Dataset items
____

Lemma connect_uniq_path (J : {set T * T}) : connect (adj J) u v ->
  exists p, [/\ path (adj J) u p, last u p = v & uniq (u :: p)].
Proof. by case/connectP=> p pp ->; case: (shortenP pp) => p' pp' up' _; exists p'. Qed.

Lemma connect_card (J : {set T * T}) : J \subset Erest -> connect (adj J) u v ->
  g <= #|J|.+1.
Proof.
move=> JE /connect_uniq_path[p [pp lp up]].
apply: leq_trans (uv_path_size JE pp lp up) _; rewrite ltnS -(size_path_edges u p).
apply: (chain_card Erest_antisym JE); rewrite -[path_edges u p]cats0.
by apply: path_chain => //; apply/allP.
Qed.

(* A u-v path with fewer than g edges has no chord in J: every J-edge between
   two of its vertices is one of its edges (otherwise it could be shortened). *)
Lemma uv_path_no_chord (J : {set T * T}) p a b : J \subset Erest ->
  path (adj J) u p -> last u p = v -> uniq (u :: p) -> size p < g ->
  (a, b) \in J -> a \in u :: p -> b \in u :: p -> (a, b) \in oriented Erest (path_edges u p).
Proof.
move=> JE pp lp up small abJ ap bp; apply: contraT => abW.
have abE := subsetP JE _ abJ; have ab_adj : adj J a b by rewrite /adj abJ.
have anb : a != b by apply: contraTneq (adj_edge JE ab_adj) => ->; rewrite e_irr.
have not_edge q : q \in path_edges u p -> orient Erest q <> (a, b).
  by move=> qp oq; move: abW; rewrite -oq; case/imsetP; exists q; rewrite ?inE.
have zab : (a, b) \notin path_edges u p.
  by apply/negP => /not_edge; apply; rewrite /orient abE.
have zba : (b, a) \notin path_edges u p.
  by apply/negP => /not_edge; apply; rewrite /orient (negbTE (Erest_antisym abE)).
have [q' pq' [lq' sq' szq']] := shortcut (@adj_sym _ J) pp ap bp anb ab_adj zab zba.
have := uv_path_size JE pq' (etrans lq' lp) (subseq_uniq sq' up).
by rewrite leqNgt (leq_ltn_trans szq' small).
Qed.

(* A J joining u to v with at least g edges has an elimination chain of length g
   avoiding u: take a u-v path; if it has g - 1 edges, an extra edge of J is not
   a chord of it, so it reaches a new vertex and extends the chain. *)
Lemma long_chain (J : {set T * T}) : J \subset Erest -> connect (adj J) u v -> g <= #|J| ->
  exists2 W, chain J W & u \notin map snd W /\ g <= size W.
Proof.
move=> JE /connect_uniq_path[p [pp lp up]] gJ.
have long := uv_path_size JE pp lp up.
have unp : u \notin p by case/andP: up.
have chainW ws : chain J ws -> all (fun z => z \notin map snd ws) (u :: p) ->
    chain J (path_edges u p ++ ws) by apply: path_chain.
case: (leqP g (size p)) => [big|small].
  exists (path_edges u p ++ [::]); first by apply: chainW => //; apply/allP.
  by rewrite cats0 path_edges_snd size_path_edges.
have extend z w : adj J z w -> z != w -> w \notin u :: p ->
    exists2 W, chain J W & u \notin map snd W /\ g <= size W.
  move=> azw zw wp; exists (path_edges u p ++ [:: (z, w)]).
    apply: chainW; first by rewrite /= azw !inE zw.
    by apply/allP => y yp; rewrite inE /=; apply: contraNneq wp => <-.
  rewrite map_cat path_edges_snd mem_cat negb_or unp inE /= size_cat size_path_edges addn1.
  by split=> //; apply: contraNneq wp => <-; rewrite mem_head.
have : ~~ (J \subset oriented Erest (path_edges u p)).
  apply/negP => /subset_leq_card; apply/negP; rewrite -ltnNge.
  apply: leq_ltn_trans (oriented_card _ _) _; rewrite size_path_edges.
  exact: leq_trans small gJ.
case/subsetPn => [[a b] abJ abW]; have ab_adj : adj J a b by rewrite /adj abJ.
have anb : a != b by apply: contraTneq (adj_edge JE ab_adj) => ->; rewrite e_irr.
case: (boolP (b \in u :: p)) => bp; last exact: extend ab_adj anb bp.
case: (boolP (a \in u :: p)) => ap; last by apply: (extend b a); rewrite 1?adj_sym 1?eq_sym.
by rewrite (uv_path_no_chord JE pp lp up small abJ ap bp) in abW.
Qed.

End Girth.

Section RootedCount.
Variable T : finType.
Variable m : nat.
Variable c : 'I_m.
Variable u : T.

Definition constant_on (J : {set T * T}) (f : {ffun T -> 'I_m}) : bool :=
  [forall p in J, f p.1 == f p.2].

Definition rooted_count (J : {set T * T}) : nat :=
  #|[set f : {ffun T -> 'I_m} | constant_on J f && (f u == c)]|.

Lemma card_fixed_on (K : seq T) : uniq K ->
  #|[set f : {ffun T -> 'I_m} | [forall x in K, f x == c]]| * m ^ size K = m ^ #|T|.
Proof.
move=> uK; have -> : [set f : {ffun T -> 'I_m} | [forall x in K, f x == c]] =
                     [set f in pffun_on c [predC K] predT].
  apply/setP => f; rewrite !inE; apply/forall_inP/pffun_onP => [fK|[sD _] x xK].
    split=> //; apply/subsetP => x; rewrite !inE; apply: contra => /fK/eqP.
    by move=> ->; rewrite eqxx.
  by apply/negPn/negP => /(subsetP sD); rewrite !inE xK.
rewrite cardsE card_pffun_on card_ord -expnD; congr (m ^ _).
by rewrite -(card_uniqP uK) addnC cardC.
Qed.

(* A chain avoiding u forces the colours of size W + 1 vertices. *)
Lemma rooted_count_upper (J : {set T * T}) W : chain J W -> u \notin map snd W ->
  rooted_count J * m ^ (size W).+1 <= m ^ #|T|.
Proof.
move=> cW uW; set K := u :: map snd W.
have uK : uniq K by rewrite /K /= uW (chain_uniq cW).
have szK : size K = (size W).+1 by rewrite /= size_map.
set A := [set f : {ffun T -> 'I_m} | constant_on J f && (f u == c)].
pose reset (f : {ffun T -> 'I_m}) := [ffun x => if x \in K then c else f x].
have reset_inj : {in A &, injective reset}.
  move=> f f'; rewrite !inE => /andP[/forall_inP cf /eqP fu] /andP[/forall_inP cf' /eqP fu'].
  move=> eqf.
  apply/ffunP; apply: (chain_determines cW) => [p /cf/eqP|p /cf'/eqP|x xW] //.
  have := congr1 (fun h : {ffun T -> 'I_m} => h x) eqf; rewrite !ffunE.
  case: (eqVneq x u) => [->|xu]; first by rewrite fu fu'.
  by rewrite /K inE (negbTE xu) (negbTE xW).
have reset_fixed :
    reset @: A \subset [set f : {ffun T -> 'I_m} | [forall x in K, f x == c]].
  apply/subsetP => h /imsetP[f _ ->]; rewrite inE.
  by apply/forall_inP => x xK; rewrite ffunE xK.
rewrite /rooted_count -/A -szK -(card_in_imset reset_inj) -(card_fixed_on uK) leq_mul2r.
by rewrite (subset_leq_card reset_fixed) orbT.
Qed.

(* Conversely, if every edge of J lies inside K, fixing K to c is compatible. *)
Lemma rooted_count_lower (J : {set T * T}) (K : seq T) : uniq K -> u \in K ->
  (forall p, p \in J -> (p.1 \in K) && (p.2 \in K)) ->
  m ^ #|T| <= rooted_count J * m ^ size K.
Proof.
move=> uK uinK JK; rewrite -(card_fixed_on uK) leq_mul2r; apply/orP; right.
apply: subset_leq_card; apply/subsetP => f; rewrite !inE => /forall_inP fK.
rewrite (fK _ uinK) andbT; apply/forall_inP => p /JK /andP[p1K p2K].
by rewrite (eqP (fK _ p1K)) (eqP (fK _ p2K)).
Qed.

End RootedCount.

Section InclusionExclusion.
Import GRing.Theory Num.Theory.
Local Open Scope ring_scope.

Lemma card_sum (I : finType) (P : pred I) : (#|[set i | P i]|%:R : int) = \sum_i (P i)%:R.
Proof.
rewrite -sum1_card natr_sum big_mkcond /=; apply: eq_bigr => i _.
by rewrite inE; case: (P i).
Qed.

Lemma prod_bool (I : finType) (A : pred I) (b : I -> bool) :
  \prod_(i in A) ((b i)%:R : int) = ([forall i in A, b i])%:R.
Proof.
case: (boolP [forall i in A, b i]) => [/forall_inP h|/forall_inPn [i iA nb]].
  by apply: big1 => i /h ->.
by rewrite (bigD1 i) //= (negbTE nb) mul0r.
Qed.

Variable T : finType.
Variable e : rel T.
Variables u v : T.
Variable m : nat.
Variables c0 c1 : 'I_m.
Hypothesis c01 : c0 != c1.

Local Notation Er := (Erest e u v).
Local Notation s := (tperm c0 c1).

Definition off_edge_proper (f : {ffun T -> 'I_m}) : bool := [forall p in Er, f p.1 != f p.2].

Definition monochromatic (J : {set T * T}) (f : {ffun T -> 'I_m}) : bool :=
  [forall p in J, (p \in Er) && (f p.1 == f p.2)].

(* The weight of a colouring in the difference of the two counts, and its
   contribution from the colourings constant along J. *)
Definition weight (f : {ffun T -> 'I_m}) : int := (f v == s (f u))%:R - (f v == f u)%:R.

Definition term (J : {set T * T}) : int := \sum_f (monochromatic J f)%:R * weight f.

Lemma off_edge_proper_expand (f : {ffun T -> 'I_m}) :
  ((off_edge_proper f)%:R : int) = \sum_(J : {set T * T}) (-1) ^+ #|J| * (monochromatic J f)%:R.
Proof.
have -> : ((off_edge_proper f)%:R : int) =
    \prod_(p : T * T) (- ((p \in Er) && (f p.1 == f p.2))%:R + 1).
  transitivity (\prod_(p : T * T) ((~~ ((p \in Er) && (f p.1 == f p.2)))%:R : int)).
    rewrite prod_bool /off_edge_proper; congr (_%:R); congr (nat_of_bool _).
    by apply/forall_inP/forallP => h p; have := h p; case: (p \in Er) => //= ->.
  by apply: eq_bigr => p _; rewrite addrC; case: (_ && _).
rewrite (bigA_distr 1 +%R); apply: eq_bigr => J _.
by rewrite -big_mkcond /= prodrN prod_bool.
Qed.

Lemma difference_expansion :
  (#|[set f | off_edge_proper f && (f v != f u)]|%:R -
   #|[set f | off_edge_proper f && (f v != s (f u))]|%:R : int)
  = \sum_(J : {set T * T}) (-1) ^+ #|J| * term J.
Proof.
rewrite !card_sum -sumrB.
transitivity (\sum_f (off_edge_proper f)%:R * weight f).
  apply: eq_bigr => f _; rewrite /weight.
  case: (off_edge_proper f); case: (f v == f u); case: (f v == s (f u));
  by rewrite /= ?mul1r ?mul0r.
under eq_bigr => f _ do rewrite off_edge_proper_expand mulr_suml.
rewrite exchange_big /=; apply: eq_bigr => J _.
by rewrite /term mulr_sumr; apply: eq_bigr => f _; rewrite mulrA.
Qed.

Lemma term_not_sub (J : {set T * T}) : ~~ (J \subset Er) -> term J = 0.
Proof.
case/subsetPn => p pJ pE; apply: big1 => f _.
suff -> : monochromatic J f = false by rewrite mul0r.
by apply/negP => /forall_inP /(_ p pJ); rewrite (negbTE pE).
Qed.

Lemma monochromatic_constant (J : {set T * T}) f :
  J \subset Er -> monochromatic J f = constant_on J f.
Proof.
move=> JE; apply/forall_inP/forall_inP => h p pJ; first by case/andP: (h p pJ).
by rewrite (subsetP JE _ pJ) (h p pJ).
Qed.

Lemma constant_connect (J : {set T * T}) (f : {ffun T -> 'I_m}) x y :
  constant_on J f -> connect (adj J) x y -> f x = f y.
Proof.
move=> /forall_inP cf /connectP [p pp ->]; elim: p x pp => [|z p IH] x //= /andP[axz pz].
by rewrite -(IH z pz); case/orP: axz => /cf /eqP.
Qed.

(* If J joins u and v, the weight of a colouring constant along J is
   -[f u = c0] - [f u = c1]. *)
Lemma term_connected (J : {set T * T}) : J \subset Er -> connect (adj J) u v ->
  term J = - ((rooted_count c0 u J)%:R + (rooted_count c1 u J)%:R).
Proof.
move=> JE cuv; rewrite /rooted_count !card_sum -big_split /= -sumrN.
apply: eq_bigr => f _; rewrite monochromatic_constant //.
case: (boolP (constant_on J f)) => cf /=; last by rewrite mul0r addr0 oppr0.
rewrite mul1r /weight -(constant_connect cf cuv) eqxx.
case: tpermP => [->|->|/eqP/negbTE-> /eqP/negbTE->];
  by rewrite ?eqxx ?(eq_sym c1 c0) ?(negbTE c01) /= ?sub0r ?addr0 ?add0r ?subrr ?oppr0.
Qed.

(* Otherwise, swapping c0 and c1 on the J-component of v is a weight-reversing
   involution on the colourings constant along J. *)
Lemma term_disconnected (J : {set T * T}) : J \subset Er -> ~~ connect (adj J) u v ->
  term J = 0.
Proof.
move=> JE ncuv; pose K := [set x | connect (adj J) v x].
pose rho (f : {ffun T -> 'I_m}) := [ffun x => if x \in K then s (f x) else f x].
have rhoK : involutive rho.
  by move=> f; apply/ffunP => x; rewrite !ffunE; case: (x \in K); rewrite ?tpermK.
have uK : u \notin K.
  by rewrite inE; apply: contra ncuv; rewrite (sym_connect_sym (@adj_sym _ J)).
have vK : v \in K by rewrite inE connect0.
have s_eq a b : (s a == b) = (a == s b) by apply: can2_eq; apply: tpermK.
have mono_rho f : monochromatic J (rho f) = monochromatic J f.
  rewrite !monochromatic_constant //; apply: eq_forallb_in => p pJ.
  have ap : adj J p.1 p.2 by rewrite /adj; case: p pJ => a b /= ->.
  have hK : (p.1 \in K) = (p.2 \in K).
    rewrite !inE; apply/idP/idP => h; first exact: connect_trans h (connect1 ap).
    by apply: connect_trans h (connect1 _); rewrite adj_sym.
  by rewrite !ffunE hK; case: (p.2 \in K); rewrite // s_eq tpermK.
have weight_rho f : weight (rho f) = - weight f.
  by rewrite /weight !ffunE (negbTE uK) vK s_eq tpermK (s_eq (f v)) opprB.
have : term J = - term J.
  rewrite {1}/term (reindex_inj (inv_inj rhoK)) /term -sumrN; apply: eq_bigr => f _.
  by rewrite mono_rho weight_rho mulrN.
by move/eqP; rewrite -addr_eq0 -mulr2n mulrn_eq0 /= => /eqP.
Qed.

End InclusionExclusion.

____

▸ **Problem to solve**
Could you please retype the lines from the start of the data through the line with "move=> JE pp", both included, and nothing else?

▸ **Solution**
Lemma connect_uniq_path (J : {set T * T}) : connect (adj J) u v ->
  exists p, [/\ path (adj J) u p, last u p = v & uniq (u :: p)].
Proof. by case/connectP=> p pp ->; case: (shortenP pp) => p' pp' up' _; exists p'. Qed.

Lemma connect_card (J : {set T * T}) : J \subset Erest -> connect (adj J) u v ->
  g <= #|J|.+1.
Proof.
move=> JE /connect_uniq_path[p [pp lp up]].
apply: leq_trans (uv_path_size JE pp lp up) _; rewrite ltnS -(size_path_edges u p).
apply: (chain_card Erest_antisym JE); rewrite -[path_edges u p]cats0.
by apply: path_chain => //; apply/allP.
Qed.

(* A u-v path with fewer than g edges has no chord in J: every J-edge between
   two of its vertices is one of its edges (otherwise it could be shortened). *)
Lemma uv_path_no_chord (J : {set T * T}) p a b : J \subset Erest ->
  path (adj J) u p -> last u p = v -> uniq (u :: p) -> size p < g ->
  (a, b) \in J -> a \in u :: p -> b \in u :: p -> (a, b) \in oriented Erest (path_edges u p).
Proof.
move=> JE pp lp up small abJ ap bp; apply: contraT => abW.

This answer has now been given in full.